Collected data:
Lemma leq_ffact_ratio M N r : M <= N -> N ^ r * M ^_ r <= M ^ r * N ^_ r.
Proof.
have prodE c : c ^ r = \prod_(i < r) c by rewrite prod_nat_const card_ord.
move=> leMN; rewrite !ffact_prod !prodE -!big_split /=.
by apply: leq_prod => i _; rewrite !mulnBr mulnC leq_sub2l // leq_mul2r leMN orbT.
Qed.

Lemma ffactnD N r k : N ^_ (r + k) = N ^_ r * (N - r) ^_ k.
Proof.
elim: k => [|k IH]; first by rewrite addn0 ffactn0 muln1.
by rewrite addnS !ffactnSr IH subnDA mulnA.
Qed.

Lemma mul_bin_bin N m r :
  r <= m -> 'C(N, m) * 'C(m, r) = 'C(N, r) * 'C(N - r, m - r).
Proof.
move=> le_rm; apply/eqP.
rewrite -(eqn_pmul2r (_ : 0 < r`! * (m - r)`!)) ?muln_gt0 ?fact_gt0 //.
rewrite -mulnA bin_fact // bin_ffact mulnACA !bin_ffact.
by rewrite -ffactnD subnKC.
Qed.

Lemma leq_card_bigcup (I T : finType) (P : pred I) (B : I -> {set T}) :
  #|\bigcup_(i | P i) B i| <= \sum_(i | P i) #|B i|.
Proof.
elim/big_rec2: _ => [|i k U _ leUk]; first by rewrite cards0.
by rewrite (leq_trans (leq_card_setU _ _).1) ?leq_add2l.
Qed.

Section Draws.
Variable U : finType.

Definition draws (A : {set U}) m := [set H : {set U} | H \subset A & #|H| == m].

Lemma card_draws_supset (A S : {set U}) m : S \subset A ->
  #|[set H in draws A m | S \subset H]| <= 'C(#|A| - #|S|, m - #|S|).
Proof.
move=> sSA; have -> : #|A| - #|S| = #|A :\: S| by rewrite cardsD (setIidPr sSA).
rewrite -cards_draws.
have inj_diffS : {in [set H in draws A m | S \subset H] &, injective (fun H => H :\: S)}.
  move=> H1 H2; rewrite !inE => /andP[_ sSH1] /andP[_ sSH2] eqD.
  by rewrite -(setID H1 S) -(setID H2 S) eqD (setIidPr sSH1) (setIidPr sSH2).
rewrite -(card_in_imset inj_diffS); apply/subset_leq_card/subsetP => D /imsetP[H].
rewrite !inE => /andP[/andP[sHA /eqP <-] sSH] ->.
by rewrite setSD //= cardsD (setIidPr sSH).
Qed.

Lemma sum_bin_cardI_draws (A G : {set U}) m r : G \subset A ->
  \sum_(H in draws A m) 'C(#|H :&: G|, r) <= 'C(#|G|, r) * 'C(#|A| - r, m - r).
Proof.
move=> sGA.
have binE H : 'C(#|H :&: G|, r) = \sum_(S in draws G r | S \subset H) 1.
  rewrite -cards_draws sum1dep_card; apply: eq_card => S.
  by rewrite /draws !inE subsetI -andbA andbC.
under eq_bigr do rewrite binE.
rewrite (exchange_big_dep (mem (draws G r))) => [|H S _ /andP[] //] /=.
have -> : 'C(#|G|, r) = #|draws G r| by rewrite /draws cards_draws.
rewrite -sum_nat_const.
apply: leq_sum => S; rewrite inE => /andP[sSG /eqP <-].
rewrite sum1dep_card; apply: leq_trans (card_draws_supset m (subset_trans sSG sGA)).
by apply: subset_leq_card; apply/subsetP => H; rewrite !inE sSG eqxx.
Qed.

End Draws.

Section BinomialEstimates.
Variable R : realFieldType.
Local Open Scope ring_scope.

Lemma ler_bin_ratio (P : R) M N r : (M <= N)%N -> (0 < N)%N ->
  M%:R <= P * N%:R -> 'C(M, r)%:R <= P ^+ r * 'C(N, r)%:R.
Proof.
move=> leMN N_gt0 leMPN.
have N_gt0R : 0 < N%:R :> R by rewrite ltr0n.
have P_ge0 : 0 <= P by rewrite -(pmulr_lge0 _ N_gt0R) (le_trans _ leMPN).
rewrite -(@ler_pM2r _ r`!%:R) ?ltr0n ?fact_gt0 //.
rewrite -(@ler_pM2l _ (N ^ r)%:R) ?ltr0n ?expn_gt0 ?N_gt0 //.
rewrite -mulrA -!natrM !bin_ffact; apply: le_trans (_ : (M ^ r * N ^_ r)%:R <= _).
  by rewrite ler_nat leq_ffact_ratio.
rewrite natrM mulrA !natrX -exprMn ler_wpM2r ?ler0n //.
by rewrite lerXn2r ?nnegrE ?mulr_ge0 ?ler0n // mulrC.
Qed.

Lemma ler_bin_scale (c : R) m X k : 0 <= c -> c * m%:R + k%:R <= X%:R ->
  c ^+ k * 'C(m, k)%:R <= 'C(X, k)%:R.
Proof.
move=> c_ge0 lecmkX.
rewrite -(@ler_pM2r _ k`!%:R) ?ltr0n ?fact_gt0 // -mulrA -!natrM !bin_ffact.
have leiX (i : 'I_k) : (i <= X)%N.
  apply: leq_trans (ltnW (ltn_ord i)) _; rewrite -(ler_nat R).
  by apply: le_trans lecmkX; rewrite lerDr mulr_ge0.
rewrite !ffact_prod !natr_prod -[k in c ^+ k]card_ord -prodr_const -big_split /=.
apply: ler_prod => i _; rewrite mulr_ge0 ?ler0n //= [(X - i)%:R]natrB ?leiX //.
apply: le_trans (_ : c * m%:R <= _); first by rewrite ler_wpM2l // ler_nat leq_subr.
rewrite lerBrDr; apply: le_trans lecmkX; by rewrite lerD2l ler_nat ltnW.
Qed.

Lemma card_rich_draws (U : finType) (A G : {set U}) m r (P eps : R) :
  G \subset A -> (0 < #|A|)%N -> 0 < P -> 0 < eps -> #|G|%:R <= P * #|A|%:R ->
  (r <= m)%N -> r%:R <= eps * P * m%:R / 2 ->
  (1 + eps / 2) ^+ r * #|[set H in draws A m | P * m%:R * (1 + eps) < #|H :&: G|%:R]|%:R
    <= 'C(#|A|, m)%:R.
Proof.
move=> sGA A_gt0 P_gt0 eps_gt0 leGPA le_rm le_r.
set rich := [set H in draws A m | _].
set bin_cap := fun H : {set U} => 'C(#|H :&: G|, r).
have rich_bin H : H \in rich -> ((1 + eps / 2) * P) ^+ r * 'C(m, r)%:R <= (bin_cap H)%:R.
  rewrite inE => /andP[_ richH]; apply: ler_bin_scale; first by rewrite mulr_ge0 //; lra.
  by apply/ltW; apply: le_lt_trans richH; lra.
have moment : (\sum_(H in draws A m) bin_cap H)%:R <= P ^+ r * 'C(m, r)%:R * 'C(#|A|, m)%:R.
  rewrite mulrAC -mulrA -natrM mul_bin_bin // natrM mulrA.
  apply: le_trans (_ : ('C(#|G|, r) * 'C(#|A| - r, m - r))%:R <= _).
    by rewrite ler_nat sum_bin_cardI_draws.
  by rewrite natrM ler_wpM2r ?ler0n // ler_bin_ratio // subset_leq_card.
have Pr_bin_gt0 : 0 < P ^+ r * 'C(m, r)%:R by rewrite mulr_gt0 ?exprn_gt0 // ltr0n bin_gt0.
rewrite -(ler_pM2l Pr_bin_gt0); apply: le_trans moment.
have -> : P ^+ r * 'C(m, r)%:R * ((1 + eps / 2) ^+ r * #|rich|%:R)
    = \sum_(H in rich) ((1 + eps / 2) * P) ^+ r * 'C(m, r)%:R.
  by rewrite sumr_const -mulr_natr exprMn; ring.
apply: le_trans (ler_sum _ rich_bin) _; rewrite -natr_sum ler_nat.
by apply: (@sub_le_big _ addn leq) => // [x y | H]; rewrite ?leq_addr // inE => /andP[].
Qed.

End BinomialEstimates.

Section Colourings.
Variables (R : realType) (a b n : nat) (calT : {set multiset a b}).
Implicit Type C : {ffun 'I_n -> 'I_b}.

Definition good_edges C := [set e : {set 'I_n} | #|e| == a & edge_ok calT C e].

Lemma card_colour_profile C (t : 'I_b -> nat) :
  #|[set e : {set 'I_n} | [forall j, t j == #|[set v in e | C v == j]|]]|
    <= \prod_(j < b) 'C(ncol C j, t j).
Proof.
pose split_colours (e : {set 'I_n}) : {ffun 'I_b -> {set 'I_n}} :=
  [ffun j => [set v in e | C v == j]].
have inj_split : injective split_colours.
  move=> e1 e2 eq12; apply/setP => v.
  have := congr1 (fun f : {ffun 'I_b -> {set 'I_n}} => v \in f (C v)) eq12.
  by rewrite !ffunE !inE eqxx !andbT.
pose F j := draws [set v | C v == j] (t j).
have -> : \prod_(j < b) 'C(ncol C j, t j) = #|family (fun j => mem (F j))|.
  rewrite card_family foldrE big_map big_enum; apply: eq_bigr => j _.
  by rewrite /F /draws cards_draws.
rewrite -(card_imset _ inj_split); apply/subset_leq_card/subsetP => f /imsetP[e].
rewrite inE => /forallP profile_e ->; apply/familyP => j.
rewrite /F /draws ffunE inE (eqP (profile_e j)) eqxx andbT.
by apply/subsetP => v; rewrite !inE => /andP[].
Qed.

Lemma card_good_edges C :
  #|good_edges C| <= \sum_(t in calT) \prod_(j < b) 'C(ncol C j, t j).
Proof.
pose profile (t : multiset a b) :=
  [set e : {set 'I_n} | [forall j, (t j : nat) == #|[set v in e | C v == j]|]].
apply: (@leq_trans (\sum_(t in calT) #|profile t|)); last first.
  by apply: leq_sum => t _; exact: card_colour_profile.
apply: leq_trans (leq_card_bigcup _ _); apply/subset_leq_card/subsetP => e.
rewrite inE => /andP[_ /existsP[t /andP[tT profile_e]]].
by apply/bigcupP; exists t; rewrite // inE.
Qed.

Lemma pC_mul_bin C : a <= n ->
  (pC R calT C * 'C(n, a)%:R = (\sum_(t in calT) \prod_(j < b) 'C(ncol C j, t j))%:R)%R.
Proof.
move=> le_an; rewrite /pC mulr_suml natr_sum; apply: eq_bigr => t _.
by rewrite mulfVK ?natr_prod // pnatr_eq0 -lt0n bin_gt0.
Qed.

Lemma card_good_edges_le_pC C : a <= n ->
  (#|good_edges C|%:R <= pC R calT C * 'C(n, a)%:R)%R.
Proof. by move=> le_an; rewrite pC_mul_bin // ler_nat card_good_edges. Qed.

End Colourings.

Definition equitable_colouring n b (b_gt0 : 0 < b) : {ffun 'I_n -> 'I_b} :=
  [ffun v : 'I_n => Ordinal (ltn_pmod v b_gt0)].

Lemma ncol_equitable n b (b_gt0 : 0 < b) (j : 'I_b) :
  n %/ b <= ncol (equitable_colouring n b_gt0) j.
Proof.
case: n => [|n]; first by rewrite div0n.
pose f (i : 'I_(n.+1 %/ b)) : 'I_n.+1 := inord (i * b + j).
have f_val i : f i = i * b + j :> nat.
  rewrite inordK //; have : i.+1 * b <= n.+1 by rewrite -leq_divRL.
  by rewrite mulSn; have := ltn_ord j; lia.
have f_inj : injective f.
  move=> i1 i2 /(congr1 val) /=; rewrite !f_val => /addIn /eqP.
  by rewrite eqn_pmul2r // => /eqP /val_inj.
rewrite -[X in X <= _]card_ord -(card_imset _ f_inj) /ncol.
apply/subset_leq_card/subsetP => v /imsetP[i _ ->].
by rewrite inE ffunE; apply/eqP/val_inj; rewrite /= f_val modnMDl modn_small.
Qed.

Lemma leq_bin_prod_bin n a b (t m : 'I_b -> nat) : 0 < a -> 0 < b ->
  \sum_(j < b) t j = a -> (forall j, n %/ b <= m j) -> 2 * a * b <= n ->
  'C(n, a) <= (8 * b) ^ a * a`! ^ b * \prod_(j < b) 'C(m j, t j).
Proof.
move=> a_gt0 b_gt0 sum_t le_m le_n.
have le_ta j : t j <= a by rewrite -sum_t (bigD1 j) //= leq_addr.
set q := n %/ b %/ 2.
have le_qm j : q <= m j - t j.
  have : 2 * a <= n %/ b by rewrite leq_divRL.
  have := leq_divM (n %/ b) 2; have := le_m j; have := le_ta j; lia.
have le_n8bq : n <= 8 * b * q.
  have := ltn_ceil n b_gt0; have := ltn_ceil (n %/ b) (isT : 0 < 2).
  have : 2 * a <= n %/ b by rewrite leq_divRL.
  rewrite -/q; nia.
have -> : a`! ^ b = \prod_(j < b) a`! by rewrite prod_nat_const card_ord.
rewrite -mulnA -big_split /=.
apply: leq_trans (_ : (8 * b * q) ^ a <= _).
  apply: leq_trans (_ : n ^ a <= _); last by rewrite leq_exp2r.
  by apply: leq_trans (leq_ffact_exp n a); rewrite -bin_ffact leq_pmulr ?fact_gt0.
rewrite expnMn leq_mul2l -[in q ^ a]sum_t expn_sum; apply/orP; right.
apply: leq_prod => j _.
apply: leq_trans (leq_exp_ffact (le_qm j)) _.
by rewrite -bin_ffact mulnC leq_mul2r leq_fact ?orbT.
Qed.

Lemma pC_equitable_ge (R : realType) a b n (calT : {set multiset a b}) (b_gt0 : 0 < b)
    (t : multiset a b) :
  0 < a -> is_amultiset t -> t \in calT -> 2 * a * b <= n ->
  ((((8 * b) ^ a * a`! ^ b)%:R)^-1 <= pC R calT (equitable_colouring n b_gt0))%R.
Proof.
move=> a_gt0 /eqP sum_t tT le_n; set K := (8 * b) ^ a * a`! ^ b.
have le_an : a <= n by nia.
have K_gt0 : (0 < K%:R :> R)%R by rewrite ltr0n muln_gt0 !expn_gt0 fact_gt0 muln_gt0 b_gt0.
have bin_gt0R : (0 < 'C(n, a)%:R :> R)%R by rewrite ltr0n bin_gt0.
rewrite -(ler_pM2r bin_gt0R) pC_mul_bin // -(ler_pM2l K_gt0) mulrA mulfV ?gt_eqF // mul1r.
rewrite -natrM ler_nat; apply: leq_trans (leq_bin_prod_bin a_gt0 b_gt0 sum_t
  (ncol_equitable n b_gt0) le_n) _.
by rewrite leq_mul2l (bigD1 t) //= leq_addr orbT.
Qed.

Lemma hypergraphsE a n m : hypergraphs a n m = draws [set e : {set 'I_n} | #|e| == a] m.
Proof.
apply/setP => H; rewrite !inE; congr (_ && _).
apply/forallP/subsetP => [uH e eH | sH e]; first by rewrite inE (implyP (uH e)).
by apply/implyP => /sH; rewrite inE.
Qed.

Lemma q_attained a b n (calT : {set multiset a b}) (H : {set {set 'I_n}}) :
  0 < b -> H \subset [set e : {set 'I_n} | #|e| == a] ->
  exists C, q calT H = #|H :&: good_edges calT C|.
Proof.
move=> b_gt0 /subsetP uH; rewrite /q.
have [|C ->] := bigop.eq_bigmax (fun C => #|[set e in H | edge_ok calT C e]|).
  by rewrite card_ffun !card_ord expn_gt0 b_gt0.
exists C; apply: eq_card => e; rewrite !inE.
by case eH: (e \in H) => //=; have := uH e eH; rewrite inE => ->.
Qed.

## What you have to do
Lines that hold "forallP" are the ones to copy, so pick each out from the data.

## Finished exercise
rewrite inE => /forallP profile_e ->; apply/familyP => j.
apply/forallP/subsetP => [uH e eH | sH e]; first by rewrite inE (implyP (uH e)).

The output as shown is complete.